Task to carry out: Give back only the lines in the records below from the one with "Hypothesis O_perm : perm_eq" to the one with "if j == star", both inclusive, word for word.

[Saved entries]
>>
Lemma dotz_vertex_shift (p b : R) i :
  dotz (rho i) (vertex_shift p b) =
  p * (idot (rho i) M)%:~R + b * (\sum_(t in facets m) idot (rho i) (u t))%:~R.
Proof.
rewrite /vertex_shift dotzD !dotzZ dotz_sum [in dotz _ m](frame_lattice fr) dotz_zpt.
congr (_ + _ * _); rewrite [RHS]rmorph_sum.
by apply: eq_bigr => t _; rewrite dotz_zpt.
Qed.

Lemma vertex_shift_unique (p b : R) y :
  (forall t, t \in facets m -> dotz (rho t) y = - offs a p 0 t + b) ->
  y = vertex_shift p b.
Proof.
move=> yT; rewrite /vertex_shift -[y](subrK (p *: m)) addrC; congr (_ + _).
rewrite [LHS](frame_coord fr) scaler_sumr; apply: eq_bigr => t tT.
have mt : dotz (rho t) m = - (a t)%:~R.
  by move: tT; rewrite in_facets /slack addr_eq0 => /eqP.
by rewrite dotzB dotzZ yT // mt /offs subr0 mulrN opprK; congr (_ *: _); ring.
Qed.

Lemma vertex_shift_Hpoly (p b : R) :
  Hpoly rho (offs a p b) (vertex_shift p b) <->
  forall i, b <= p * (islack M i)%:~R +
                 b * (\sum_(t in facets m) idot (rho i) (u t))%:~R.
Proof.
rewrite /Hpoly /offs; split => H i; have := H i;
  by rewrite dotz_vertex_shift /islack intrD mulrDr; lra.
Qed.
Lemma exists_avail_bundle j : exists b, avail_bundle (alloc_at u) j b.
Proof.
pose pick_free l := odflt j [pick d | avail_item (alloc_at u) l d].
exists [ffun l => if turn (j, l) < u then choice (j, l) else pick_free l].
apply: avail_bundle_alloc_at => // l; rewrite ffunE; first by move->.
move=> free_l; rewrite ltnNge free_l /pick_free; case: pickP => // none.
by have [d] := exists_avail_item free_l; rewrite none.
Qed.

Lemma choice_max x : turn x = u ->
  exists2 b, avail_bundle (alloc_at u) x.1 b &
    (forall b', avail_bundle (alloc_at u) x.1 b' -> score x.1 b' <= score x.1 b) /\
    choice x = b x.2.
Proof.
rewrite /choice => ->; apply: opt_choice_score_pref; exact: exists_avail_bundle.
Qed.

End BeforeTurn.

Lemma avail_bundle_own x b : avail_bundle (alloc_at (turn x)) x.1 b ->
  avail_item (alloc_at (turn x)) x.2 (b x.2).
Proof.
case: x => k c /forallP/(_ c); rewrite alloc_atE ?ltnn //.
exact: ltnW (turn_lt_size _).
Qed.

Lemma legal_choiceP x : legal_choice x.
Proof.
elim/turn_ind: x => x legal_before.
have [b b_avail [_ choice_b]] :=
  choice_max (ltnW (turn_lt_size x)) legal_before (erefl (turn x)).
by rewrite /legal_choice choice_b; apply: avail_bundle_own.
Qed.

End Simulation.

Section TrapProfile.
Variables (n p : nat) (O : seq ('I_n * 'I_p)).
Hypothesis O_perm : perm_eq O (enum {: 'I_n * 'I_p}).
Variables (z star : 'I_n).
Hypothesis star_unblocked : forall c, ~~ blocked (turn O) (star, c).

Definition support (b : bundle n p) := [set c | b c != z].

Definition star_score (b : bundle n p) : nat :=
  if [pick c | support b == [set c]] is Some c then (turn O (star, c)).+2
  else support b != set0.

Definition trap_score (j : 'I_n) (b : bundle n p) : nat :=
  if j == star then star_score b else #|support b|.
(* Let $M,N\ge 1$ be integers and let $\mathcal{X}=\{\mathrm{x}_1,\dots,\mathrm{x}_M\}$ and $\mathcal{Y}=\{\mathrm{y}_1,\dots,\mathrm{y}_N\}$ be two disjoint finite sets of points. Let $d_{\mathcal{X}}:\mathcal{X}\times\mathcal{X}\to\mathbb{R}^+$ and $d_{\mathcal{Y}}:\mathcal{Y}\times\mathcal{Y}\to\mathbb{R}^+$ be symmetric non-negative distance functions. Let $\mathrm{o}_{\mathcal{X}},\mathrm{o}_{\mathcal{Y}}$ be points (origins) and let $u_{\mathcal{X}}:\mathcal{X}\times\{\mathrm{o}_{\mathcal{X}}\}\to\mathbb{R}^+$ and $u_{\mathcal{Y}}:\mathcal{Y}\times\{\mathrm{o}_{\mathcal{Y}}\}\to\mathbb{R}^+$ be non-negative functions (distances to origin). Assume that each of the sets of values of $d_{\mathcal{X}}$, $d_{\mathcal{Y}}$, $u_{\mathcal{X}}$, $u_{\mathcal{Y}}$ contains at least one non-zero value. Let $f:\mathcal{X}\times\mathcal{Y}\to\mathbb{R}^+$ be a non-negative function which is not identically $0$, and write $p(\mathrm{x},\mathrm{y})=p(\mathrm{y},\mathrm{x})=f(\mathrm{x},\mathrm{y})$ for $\mathrm{x}\in\mathcal{X},\mathrm{y}\in\mathcal{Y}$. Let $\mathrm{o}\notin\mathcal{X}\cup\mathcal{Y}$ be a further (theoretical origin) point and $\mathcal{W}=\mathcal{X}\cup\mathcal{Y}\cup\{\mathrm{o}\}$, which has $S=M+N+1$ elements. Then there exists $\varepsilon>0$ such that the symmetric function $f^{\varepsilon}:\mathcal{W}\times\mathcal{W}\to\mathbb{R}^+$ defined by $$f^{\varepsilon}(\mathrm{w},\mathrm{w}')=\begin{cases}0 & \text{if } \mathrm{w}=\mathrm{w}',\\ \big(u_{\mathcal{A}}(\mathrm{w},\mathrm{o}_{\mathcal{A}})^2+\varepsilon\big)^{1/2} & \text{if } \mathrm{w}\in\mathcal{A},\ \mathrm{w}'=\mathrm{o}\ \text{(or vice versa)},\ \mathcal{A}\in\{\mathcal{X},\mathcal{Y}\},\\ \big(d_{\mathcal{A}}(\mathrm{w},\mathrm{w}')^2+\varepsilon\big)^{1/2} & \text{if } \mathrm{w}\neq\mathrm{w}',\ \mathrm{w},\mathrm{w}'\in\mathcal{A},\ \mathcal{A}\in\{\mathcal{X},\mathcal{Y}\},\\ \big(p(\mathrm{w},\mathrm{w}')^2+\varepsilon\big)^{1/2} & \text{if } \mathrm{w}\in\mathcal{X},\mathrm{w}'\in\mathcal{Y} \text{ or vice versa},\end{cases}$$ has the property that $\mathcal{W}$ can be embedded into the Euclidean space $\mathbb{R}^{Q}$, $Q=M+N+2$, with respect to $f^{\varepsilon}$; that is, there is a map $\phi:\mathcal{W}\to\mathbb{R}^{Q}$ which is a bijection onto its image such that $\|\phi(\mathrm{w})-\phi(\mathrm{w}')\|_{\mathbb{R}^Q}=f^{\varepsilon}(\mathrm{w},\mathrm{w}')$ for all $\mathrm{w},\mathrm{w}'\in\mathcal{W}$.
   Context: $\mathbb{R}^+$ denotes the non-negative reals and $\|\cdot\|_{\mathbb{R}^Q}$ the Euclidean norm. A set $\mathcal{V}$ equipped with a symmetric non-negative function $h$ on $\mathcal{V}\times\mathcal{V}$ is said to be embeddable into $\mathbb{R}^Q$ with respect to $h$ if there is a bijection $\phi$ from $\mathcal{V}$ onto a subset of $\mathbb{R}^Q$ with $\|\phi(\mathrm{v})-\phi(\mathrm{v}')\|=h(\mathrm{v},\mathrm{v}')$ for all $\mathrm{v},\mathrm{v}'\in\mathcal{V}$. *)

From HB Require Import structures.
From mathcomp Require Import all_boot all_order all_algebra.
From mathcomp Require Import reals.
Set Implicit Arguments. Unset Strict Implicit. Unset Printing Implicit Defensive.
Import Order.TTheory GRing.Theory Num.Theory.
Local Open Scope ring_scope.

(* The point set W = X ∪ Y ∪ {o}: [Some (inl i)] is x_(i+1), [Some (inr j)]
   is y_(j+1), [None] is the theoretical origin o.  The sum type makes X and Y
   disjoint and o outside X ∪ Y. *)
Definition Wpt (M N : nat) := option ('I_M + 'I_N)%type.

Definition eucl_norm (R : realType) (n : nat) (v : 'rV[R]_n) : R :=
  Num.sqrt (\sum_(i < n) v ord0 i ^+ 2).

Definition feps (R : realType) (M N : nat)
  (dX : 'I_M -> 'I_M -> R) (dY : 'I_N -> 'I_N -> R)
  (uX : 'I_M -> R) (uY : 'I_N -> R) (f : 'I_M -> 'I_N -> R) (eps : R)
  (w w' : Wpt M N) : R :=
  match w, w' with
  | None, None => 0
  | Some (inl i), None | None, Some (inl i) => Num.sqrt (uX i ^+ 2 + eps)
  | Some (inr j), None | None, Some (inr j) => Num.sqrt (uY j ^+ 2 + eps)
  | Some (inl i), Some (inl i') =>
      if i == i' then 0 else Num.sqrt (dX i i' ^+ 2 + eps)
  | Some (inr j), Some (inr j') =>
      if j == j' then 0 else Num.sqrt (dY j j' ^+ 2 + eps)
  | Some (inl i), Some (inr j) | Some (inr j), Some (inl i) =>
      Num.sqrt (f i j ^+ 2 + eps)
  end.

Definition embeddable (R : realType) (V : Type) (Q : nat) (h : V -> V -> R) :=
  exists phi : V -> 'rV[R]_Q,
    injective phi /\ forall v v', eucl_norm (phi v - phi v') = h v v'.

From mathcomp Require Import all_boot all_order all_algebra.
From mathcomp Require Import reals ring lra.
Set Implicit Arguments. Unset Strict Implicit. Unset Printing Implicit Defensive.
Import Order.TTheory GRing.Theory Num.Theory.
Local Open Scope ring_scope.

(* For w <> w' we need points v_w with |v_w - v_w'|^2 = c(w, w') + eps, where c
   is the squared unperturbed dissimilarity.  Such points exist iff the matrix
   G = eps/2 I - c/2 is a Gram matrix V V^T, since |v_a - v_b|^2 =
   G_aa + G_bb - 2 G_ab.  Once eps exceeds every row sum of |c|, G is strictly
   diagonally dominant, and such matrices are Gram matrices: the pivot is
   positive and the Schur complement is again strictly diagonally dominant, so
   the Cholesky factorisation goes through.  The rows of V, padded with
   zeros, embed W (of size M + N + 1) into R^(M + N + 2). *)

Section DiagonallyDominant.
Variable R : realFieldType.

Definition diag_dominant n (A : 'M[R]_n) :=
  forall i, \sum_(j | j != i) `|A i j| < A i i.

Definition schur_complement n (A : 'M[R]_(1 + n)) : 'M[R]_n :=
  drsubmx A - (ulsubmx A 0 0)^-1 *: (dlsubmx A *m ursubmx A).

Variables (n : nat) (A : 'M[R]_(1 + n)).

Lemma schur_complementE i j : schur_complement A i j =
  drsubmx A i j - dlsubmx A i 0 * ursubmx A 0 j / ulsubmx A 0 0.
Proof. by rewrite !mxE big_ord1 !mxE mulrC. Qed.

Lemma schur_complement_sym : A^T = A -> (schur_complement A)^T = schur_complement A.
Proof.
move=> sA; rewrite /schur_complement linearB linearZ /= trmx_mul.
by rewrite trmx_drsub trmx_ursub trmx_dlsub sA.
Qed.

Hypothesis dA : diag_dominant A.

Lemma diag_dominant_ulsub : \sum_j `|ursubmx A 0 j| < ulsubmx A 0 0.
Proof.
have := dA (lshift n 0); rewrite big_split_ord /= big1 ?add0r => [|i].
  by rewrite !mxE => h; under eq_bigr => j _ do rewrite /ursubmx !mxE; exact: h.
by rewrite (ord1 i) eqxx.
Qed.

Lemma diag_dominant_drsub i :
  `|dlsubmx A i 0| + \sum_(j | j != i) `|drsubmx A i j| < drsubmx A i i.
Proof.
have := dA (rshift 1 i); rewrite big_split_ord /=.
under eq_bigl => j do rewrite eq_lrshift.
under [X in _ + X]eq_bigl => j do rewrite eq_rshift.
by rewrite big_ord1 !mxE => h; under eq_bigr => j _ do rewrite !mxE; exact: h.
Qed.

Lemma ulsubmx_gt0 : 0 < ulsubmx A 0 0.
Proof. by apply: le_lt_trans diag_dominant_ulsub; exact: sumr_ge0. Qed.

Lemma diag_dominant_schur : A^T = A -> diag_dominant (schur_complement A).
Proof.
move=> sA i; set a := ulsubmx A 0 0; set b := ursubmx A 0.
have a_gt0 : 0 < a := ulsubmx_gt0.
have dlsubE j : dlsubmx A j 0 = b j by rewrite -[A in LHS]sA -trmx_ursub mxE.
have schurE j : schur_complement A i j = drsubmx A i j - b i * b j / a.
  by rewrite schur_complementE dlsubE.
have sum_b : \sum_(j | j != i) `|b j| + `|b i| < a.
  by have := diag_dominant_ulsub; rewrite (bigD1 i) //= addrC.
have cross : `|b i| / a * \sum_(j | j != i) `|b j| <= `|b i| - b i * b i / a.
  rewrite -[b i * b i]expr2 -real_normK ?num_real // expr2.
  have -> : `|b i| - `|b i| * `|b i| / a = `|b i| / a * (a - `|b i|).
    by field; rewrite gt_eqF.
  apply: ler_wpM2l; first by rewrite divr_ge0 // ltW.
  by rewrite lerBrDr ltW.
under eq_bigr => j _ do rewrite schurE.
rewrite schurE; apply: (@le_lt_trans _ _
    (\sum_(j | j != i) `|drsubmx A i j| + `|b i| / a * \sum_(j | j != i) `|b j|)).
  rewrite mulr_sumr -big_split /=; apply: ler_sum => j _.
  by rewrite (le_trans (ler_normB _ _)) // !normrM normfV (gtr0_norm a_gt0) mulrAC.
move: (diag_dominant_drsub i) cross; rewrite dlsubE; clearbody a b; lra.
Qed.

End DiagonallyDominant.

Lemma diag_dominant_gram (R : rcfType) n (A : 'M[R]_n) :
  A^T = A -> diag_dominant A -> exists V : 'M_n, A = V *m V^T.
Proof.
elim: n A => [|n IH]; first by move=> A; exists 0; rewrite [A]flatmx0 [_ *m _]flatmx0.
rewrite -[n.+1]/(1 + n)%N => A sA dA.
have [V' schurE] := IH _ (schur_complement_sym sA) (diag_dominant_schur dA sA).
set a := ulsubmx A 0 0; set s := Num.sqrt a.
have a_gt0 : 0 < a := ulsubmx_gt0 dA.
have ss : s * s = a by rewrite -expr2 sqr_sqrtr ?ltW.
have s_neq0 : s != 0 by rewrite gt_eqF ?sqrtr_gt0.
exists (block_mx s%:M 0 (s^-1 *: dlsubmx A) V').
rewrite tr_block_mx mulmx_block -[A in LHS]submxK !trmx0 !mulmx0 !mul0mx !addr0.
congr block_mx.
- by rewrite tr_scalar_mx mul_scalar_mx scale_scalar_mx ss [LHS]mx11_scalar.
- by rewrite mul_scalar_mx linearZ /= scalerA mulfV // scale1r trmx_dlsub sA.
- by rewrite tr_scalar_mx mul_mx_scalar scalerA mulfV // scale1r.
rewrite -schurE /schur_complement linearZ /= -scalemxAl -scalemxAr scalerA -invfM ss.
by rewrite trmx_dlsub sA addrC subrK.
Qed.

Section Embeddings.
Variable R : realType.

Lemma eucl_norm0 n : eucl_norm (0 : 'rV[R]_n) = 0.
Proof. by rewrite /eucl_norm big1 ?sqrtr0 // => k _; rewrite mxE expr0n. Qed.

Lemma eucl_norm_row_mx0 m p (x : 'rV[R]_m) : eucl_norm (row_mx x (0 : 'rV_p)) = eucl_norm x.
Proof.
rewrite /eucl_norm big_split_ord /= [X in _ + X]big1 ?addr0 => [|k _].
  by under eq_bigr => k _ do rewrite row_mxEl.
by rewrite row_mxEr mxE expr0n.
Qed.

Lemma eucl_norm_gram m n (V : 'M[R]_(m, n)) a b :
  eucl_norm (row a V - row b V) =
  Num.sqrt ((V *m V^T) a a + (V *m V^T) b b - 2 * (V *m V^T) a b).
Proof.
rewrite /eucl_norm !mxE mulr_sumr -!big_split -sumrB /=; congr Num.sqrt.
by apply: eq_bigr => k _; rewrite !mxE; ring.
Qed.

Lemma eq_embeddable (T : Type) Q (h h' : T -> T -> R) :
  h =2 h' -> embeddable Q h -> embeddable Q h'.
Proof. by move=> eq_h [phi [phi_inj phi_iso]]; exists phi; split=> // v v'; rewrite -eq_h. Qed.

Lemma embeddable_widen (T : Type) m Q (h : T -> T -> R) :
  (m <= Q)%N -> embeddable m h -> embeddable Q h.
Proof.
move=> /subnKC <- [phi [phi_inj phi_iso]].
exists (fun v => row_mx (phi v) 0); split=> [v v' /eq_row_mx[/phi_inj] //|v v'].
by rewrite opp_row_mx add_row_mx subr0 eucl_norm_row_mx0.
Qed.

Lemma embeddable_of_isometry (T : Type) Q (h : T -> T -> R) (phi : T -> 'rV_Q) :
  (forall v v', h v v' = 0 -> v = v') ->
  (forall v v', eucl_norm (phi v - phi v') = h v v') -> embeddable Q h.
Proof.
move=> h_sep phi_iso; exists phi; split=> // v v' eq_phi.
by apply: h_sep; rewrite -phi_iso eq_phi subrr eucl_norm0.
Qed.

Lemma embeddable_sqrt_shift (T : finType) (c : T -> T -> R) (eps : R) :
  (forall w w', c w w' = c w' w) ->
  (forall w, \sum_(w' | w' != w) `|c w w'| < eps) ->
  embeddable #|T| (fun w w' => if w == w' then 0 else Num.sqrt (c w w' + eps)).
Proof.
move=> c_sym c_dom.
pose G : 'M[R]_#|T| := \matrix_(a, b)
  (if a == b then eps / 2 else - c (enum_val a) (enum_val b) / 2).
have G_sym : G^T = G by apply/matrixP => a b; rewrite !mxE eq_sym c_sym.
have G_dom : diag_dominant G.
  move=> a; rewrite mxE eqxx.
  under eq_bigr => b ab do
    rewrite mxE eq_sym (negbTE ab) normrM normrN normfV normr_nat.
  rewrite -mulr_suml ltr_pM2r ?invr_gt0 //.
  have := c_dom (enum_val a); rewrite (reindex (enum_val : 'I_#|T| -> T)) /=.
    by under eq_bigl => b do rewrite (inj_eq enum_val_inj).
  by exists enum_rank => w _; [exact: enum_valK | exact: enum_rankK].
have [V GE] := diag_dominant_gram G_sym G_dom.
apply: (@embeddable_of_isometry _ _ _ (fun w => row (enum_rank w) V)).
  move=> w w'; case: eqP => // ww' /eqP; rewrite sqrtr_eq0 => le0; exfalso.
  have : `|c w w'| <= \sum_(w'' | w'' != w) `|c w w''|.
    by rewrite (bigD1 w') 1?eq_sym ?lerDl ?sumr_ge0 //; apply/eqP.
  by move: (c_dom w) (ler_norm (- c w w')) le0; rewrite normrN; lra.
move=> w w'; rewrite eucl_norm_gram -GE !mxE !enum_rankK !eqxx (inj_eq enum_rank_inj).
case: eqP => _; first by rewrite (_ : _ - _ = 0) ?sqrtr0 //; field.
by apply: congr1; field.
Qed.

End Embeddings.

Section Dissimilarity.
Variables (R : realType) (M N : nat).
Variables (dX : 'I_M -> 'I_M -> R) (dY : 'I_N -> 'I_N -> R).
Variables (uX : 'I_M -> R) (uY : 'I_N -> R) (f : 'I_M -> 'I_N -> R).

Definition sqdiss (w w' : Wpt M N) : R :=
  match w, w' with
  | None, None => 0
  | Some (inl i), None | None, Some (inl i) => uX i ^+ 2
  | Some (inr j), None | None, Some (inr j) => uY j ^+ 2
  | Some (inl i), Some (inl i') => dX i i' ^+ 2
  | Some (inr j), Some (inr j') => dY j j' ^+ 2
  | Some (inl i), Some (inr j) | Some (inr j), Some (inl i) => f i j ^+ 2
  end.

Lemma sqdiss_sym :
  (forall i i', dX i i' = dX i' i) -> (forall j j', dY j j' = dY j' j) ->
  forall w w', sqdiss w w' = sqdiss w' w.
Proof. by move=> dX_sym dY_sym [[i|j]|] [[i'|j']|] //=; rewrite 1?dX_sym 1?dY_sym. Qed.

Lemma fepsE eps (w w' : Wpt M N) : feps dX dY uX uY f eps w w' =
  if w == w' then 0 else Num.sqrt (sqdiss w w' + eps).
Proof. by case: w => [[i|j]|]; case: w' => [[i'|j']|]. Qed.

End Dissimilarity.

Theorem theorem3 (R : realType) (M N : nat) (hM : (0 < M)%N) (hN : (0 < N)%N)
  (dX : 'I_M -> 'I_M -> R) (dY : 'I_N -> 'I_N -> R)
  (uX : 'I_M -> R) (uY : 'I_N -> R) (f : 'I_M -> 'I_N -> R)
  (dX_sym : forall i i', dX i i' = dX i' i)
  (dY_sym : forall j j', dY j j' = dY j' j)
  (dX_ge0 : forall i i', 0 <= dX i i')
  (dY_ge0 : forall j j', 0 <= dY j j')
  (uX_ge0 : forall i, 0 <= uX i)
  (uY_ge0 : forall j, 0 <= uY j)
  (f_ge0 : forall i j, 0 <= f i j)
  (dX_nz : exists i i', dX i i' != 0)
  (dY_nz : exists j j', dY j j' != 0)
  (uX_nz : exists i, uX i != 0)
  (uY_nz : exists j, uY j != 0)
  (f_nz : exists i j, f i j != 0) :
  exists eps : R, 0 < eps /\
    embeddable (M + N + 2)%N (feps dX dY uX uY f eps).
Proof.
pose c := sqdiss dX dY uX uY f.
pose eps := 1 + \sum_w \sum_w' `|c w w'|.
have c_dom w : \sum_(w' | w' != w) `|c w w'| < eps.
  rewrite ltr_pwDl //; apply: (@le_trans _ _ (\sum_w' `|c w w'|)).
    by rewrite [X in _ <= X](bigD1 w) //= lerDr.
  rewrite [X in _ <= X](bigD1 w) //= lerDl sumr_ge0 // => v _.
  exact: sumr_ge0.
exists eps; split; first by rewrite ltr_pwDl ?sumr_ge0 // => w _; rewrite sumr_ge0.
have card_W : (#|{: Wpt M N}| <= M + N + 2)%N.
  by rewrite card_option card_sum !card_ord addn2.
apply: embeddable_widen card_W _.
apply: eq_embeddable (embeddable_sqrt_shift (sqdiss_sym uX uY f dX_sym dY_sym) c_dom).
by move=> w w'; rewrite fepsE.
Qed.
<<
Result for this task:
Hypothesis O_perm : perm_eq O (enum {: 'I_n * 'I_p}).
Variables (z star : 'I_n).
Hypothesis star_unblocked : forall c, ~~ blocked (turn O) (star, c).

Definition support (b : bundle n p) := [set c | b c != z].

Definition star_score (b : bundle n p) : nat :=
  if [pick c | support b == [set c]] is Some c then (turn O (star, c)).+2
  else support b != set0.

Definition trap_score (j : 'I_n) (b : bundle n p) : nat :=
  if j == star then star_score b else #|support b|.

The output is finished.